■ Your goal ■
Repeat word for word every line of the data below, from the first through the line containing "From Stdlib Require Import Reals Lra", and stop there.

[Start of Attachment]

(* Let $g(x)=F_2(x,x,x)$ for $x\ge0$ and $q(x)=x+\frac{f(x)}{f'(x)}$. If $g$ has no $2$-cycle (no $x\ne y$ in $[0,\infty)$ with $g(x)=y$, $g(y)=x$) and $q(x)>-\frac{h}{b}\left(1+\frac1b\right)$ for all $x\ge0$, then the unique positive equilibrium $\bar x$ of $x_{n+1}=x_nf(x_{n-2})+h$ is globally attracting: every solution with initial values $x_{-2},x_{-1},x_0\ge0$ converges to $\bar x$.
   Context: Let $h>0$ and $f:[0,\infty)\to(0,\infty)$ be differentiable with $f'(x)<0$ for all $x\ge 0$, $\lim_{t\to\infty}tf(t)=0$, and $b:=f(0)$ (so $f\le b$). $F_2(x,y,z)=xf(x)f(y)f(z)+hf(x)f(y)+hf(x)+h$ is the twice-expanded map of $F_0(x,y,z)=xf(z)+h$, and $\bar x$ is the unique solution in $[0,\infty)$ of $x=xf(x)+h$. *)

From Stdlib Require Import Reals.
Open Scope R_scope.

(* f, restricted to [0,oo), is differentiable with derivative f' there
   (one-sided at 0, since the domain of f is [0,oo)). *)
Definition has_deriv_on_nonneg (f f' : R -> R) : Prop :=
  forall x, 0 <= x ->
    forall eps, 0 < eps -> exists delta, 0 < delta /\
      forall y, 0 <= y -> y <> x -> Rabs (y - x) < delta ->
        Rabs ((f y - f x) / (y - x) - f' x) < eps.

Definition tf_tends_to_0 (f : R -> R) : Prop :=
  forall eps, 0 < eps -> exists M, forall t, M <= t -> Rabs (t * f t) < eps.

Definition F2 (h : R) (f : R -> R) (x y z : R) : R :=
  x * f x * f y * f z + h * f x * f y + h * f x + h.

Definition gmap (h : R) (f : R -> R) (x : R) : R := F2 h f x x x.

Definition qmap (f f' : R -> R) (x : R) : R := x + f x / f' x.

Definition no_two_cycle (g : R -> R) : Prop :=
  forall x y, 0 <= x -> 0 <= y -> g x = y -> g y = x -> x = y.

(* solution of x_{n+1} = x_n f(x_{n-2}) + h; u k stands for x_{k-2} *)
Definition is_solution (h : R) (f : R -> R) (u : nat -> R) : Prop :=
  0 <= u 0%nat /\ 0 <= u 1%nat /\ 0 <= u 2%nat /\
  forall n, u (n + 3)%nat = u (n + 2)%nat * f (u n) + h.

From Stdlib Require Import Reals Lra Lia Psatz.
From Coquelicot Require Import Coquelicot.
Open Scope R_scope.

(* Since f is decreasing, F2 is decreasing in its last two arguments; the
   bound on q makes it decreasing in the first one too, because
   d/dx F2(x,y,z) = f'(x) (f(y) f(z) q(x) + h (f(y) + 1)) and the second
   factor is positive.  So if all terms from some index on lie in [m, M], then five
   steps later they lie in [g(M), g(m)].  Starting from the a priori bracket
   [0, g(0)], the iterated brackets have monotone endpoints whose limits
   l <= xbar <= L satisfy g(L) = l and g(l) = L; without 2-cycles l = L. *)

Lemma Rabs_Rmax0_sub_le z x : Rabs (Rmax 0 z - Rmax 0 x) <= Rabs (z - x).
Proof.
  unfold Rmax; destruct (Rle_dec 0 z), (Rle_dec 0 x);
    unfold Rabs; repeat destruct Rcase_abs; lra.
Qed.

Lemma Rabs_sub_le_of_slope (f : R -> R) d p y :
  Rabs ((f y - f p) / (y - p) - d) < 1 -> y <> p ->
  Rabs (f y - f p) <= (Rabs d + 1) * Rabs (y - p).
Proof.
  intros Hslope Hne.
  replace (f y - f p) with ((f y - f p) / (y - p) * (y - p)) by (field; lra).
  rewrite Rabs_mult; apply Rmult_le_compat_r; [apply Rabs_pos|].
  replace ((f y - f p) / (y - p)) with ((f y - f p) / (y - p) - d + d) by ring.
  eapply Rle_trans; [apply Rabs_triang|]; lra.
Qed.

Lemma Un_cv_const c : Un_cv (fun _ => c) c.
Proof. apply is_lim_seq_Reals, is_lim_seq_const. Qed.

Lemma Un_cv_le_const (a : nat -> R) l c : Un_cv a l -> (forall k, a k <= c) -> l <= c.
Proof. intros Ha Hle; exact (Rle_cv_lim Hle Ha (Un_cv_const c)). Qed.

Lemma Un_cv_ge_const (a : nat -> R) l c : Un_cv a l -> (forall k, c <= a k) -> c <= l.
Proof. intros Ha Hge; exact (Rle_cv_lim Hge (Un_cv_const c) Ha). Qed.

Lemma Un_cv_S (a : nat -> R) l : Un_cv a l -> Un_cv (fun k => a (S k)) l.
Proof.
  intros Ha eps Heps; destruct (Ha eps Heps) as [N HN]; exists N.
  intros n Hn; apply HN; lia.
Qed.

Lemma Un_cv_squeeze_eventually (a b u : nat -> R) l :
  Un_cv a l -> Un_cv b l ->
  (forall k, exists N, forall n, (N <= n)%nat -> a k <= u n <= b k) ->
  Un_cv u l.
Proof.
  intros Ha Hb Hev eps Heps.
  destruct (Ha eps Heps) as [Ka HKa]; destruct (Hb eps Heps) as [Kb HKb].
  destruct (Hev (Ka + Kb)%nat) as [N HN]; exists N; intros n Hn.
  specialize (HN n Hn).
  specialize (HKa (Ka + Kb)%nat ltac:(lia)); specialize (HKb (Ka + Kb)%nat ltac:(lia)).
  unfold R_dist, Rabs in *; repeat destruct Rcase_abs; lra.
Qed.

Lemma strict_antitone_of_deriv_neg (phi dphi : R -> R) :
  (forall x, continuity_pt phi x) ->
  (forall x, 0 < x -> derivable_pt_lim phi x (dphi x)) ->
  (forall x, 0 <= x -> dphi x < 0) ->
  forall a b, 0 <= a -> a < b -> phi b < phi a.
Proof.
  intros Hcont Hder Hneg a b Ha Hab.
  destruct (MVT_gen phi a b dphi) as [c [Hc Hmvt]].
  - intros x Hx; rewrite Rmin_left, Rmax_right in Hx by lra.
    apply is_derive_Reals, Hder; lra.
  - intros x _; apply Hcont.
  - rewrite Rmin_left, Rmax_right in Hc by lra.
    assert (dphi c * (b - a) < 0) by (apply Rmult_neg_pos; [apply Hneg|]; lra).
    lra.
Qed.

Section DerivativeOnNonneg.

Variables f f' : R -> R.
Hypothesis hder : has_deriv_on_nonneg f f'.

[End of Attachment]

■ Result ■
(* Let $g(x)=F_2(x,x,x)$ for $x\ge0$ and $q(x)=x+\frac{f(x)}{f'(x)}$. If $g$ has no $2$-cycle (no $x\ne y$ in $[0,\infty)$ with $g(x)=y$, $g(y)=x$) and $q(x)>-\frac{h}{b}\left(1+\frac1b\right)$ for all $x\ge0$, then the unique positive equilibrium $\bar x$ of $x_{n+1}=x_nf(x_{n-2})+h$ is globally attracting: every solution with initial values $x_{-2},x_{-1},x_0\ge0$ converges to $\bar x$.
   Context: Let $h>0$ and $f:[0,\infty)\to(0,\infty)$ be differentiable with $f'(x)<0$ for all $x\ge 0$, $\lim_{t\to\infty}tf(t)=0$, and $b:=f(0)$ (so $f\le b$). $F_2(x,y,z)=xf(x)f(y)f(z)+hf(x)f(y)+hf(x)+h$ is the twice-expanded map of $F_0(x,y,z)=xf(z)+h$, and $\bar x$ is the unique solution in $[0,\infty)$ of $x=xf(x)+h$. *)

From Stdlib Require Import Reals.
Open Scope R_scope.

(* f, restricted to [0,oo), is differentiable with derivative f' there
   (one-sided at 0, since the domain of f is [0,oo)). *)
Definition has_deriv_on_nonneg (f f' : R -> R) : Prop :=
  forall x, 0 <= x ->
    forall eps, 0 < eps -> exists delta, 0 < delta /\
      forall y, 0 <= y -> y <> x -> Rabs (y - x) < delta ->
        Rabs ((f y - f x) / (y - x) - f' x) < eps.

Definition tf_tends_to_0 (f : R -> R) : Prop :=
  forall eps, 0 < eps -> exists M, forall t, M <= t -> Rabs (t * f t) < eps.

Definition F2 (h : R) (f : R -> R) (x y z : R) : R :=
  x * f x * f y * f z + h * f x * f y + h * f x + h.

Definition gmap (h : R) (f : R -> R) (x : R) : R := F2 h f x x x.

Definition qmap (f f' : R -> R) (x : R) : R := x + f x / f' x.

Definition no_two_cycle (g : R -> R) : Prop :=
  forall x y, 0 <= x -> 0 <= y -> g x = y -> g y = x -> x = y.

(* solution of x_{n+1} = x_n f(x_{n-2}) + h; u k stands for x_{k-2} *)
Definition is_solution (h : R) (f : R -> R) (u : nat -> R) : Prop :=
  0 <= u 0%nat /\ 0 <= u 1%nat /\ 0 <= u 2%nat /\
  forall n, u (n + 3)%nat = u (n + 2)%nat * f (u n) + h.

From Stdlib Require Import Reals Lra Lia Psatz.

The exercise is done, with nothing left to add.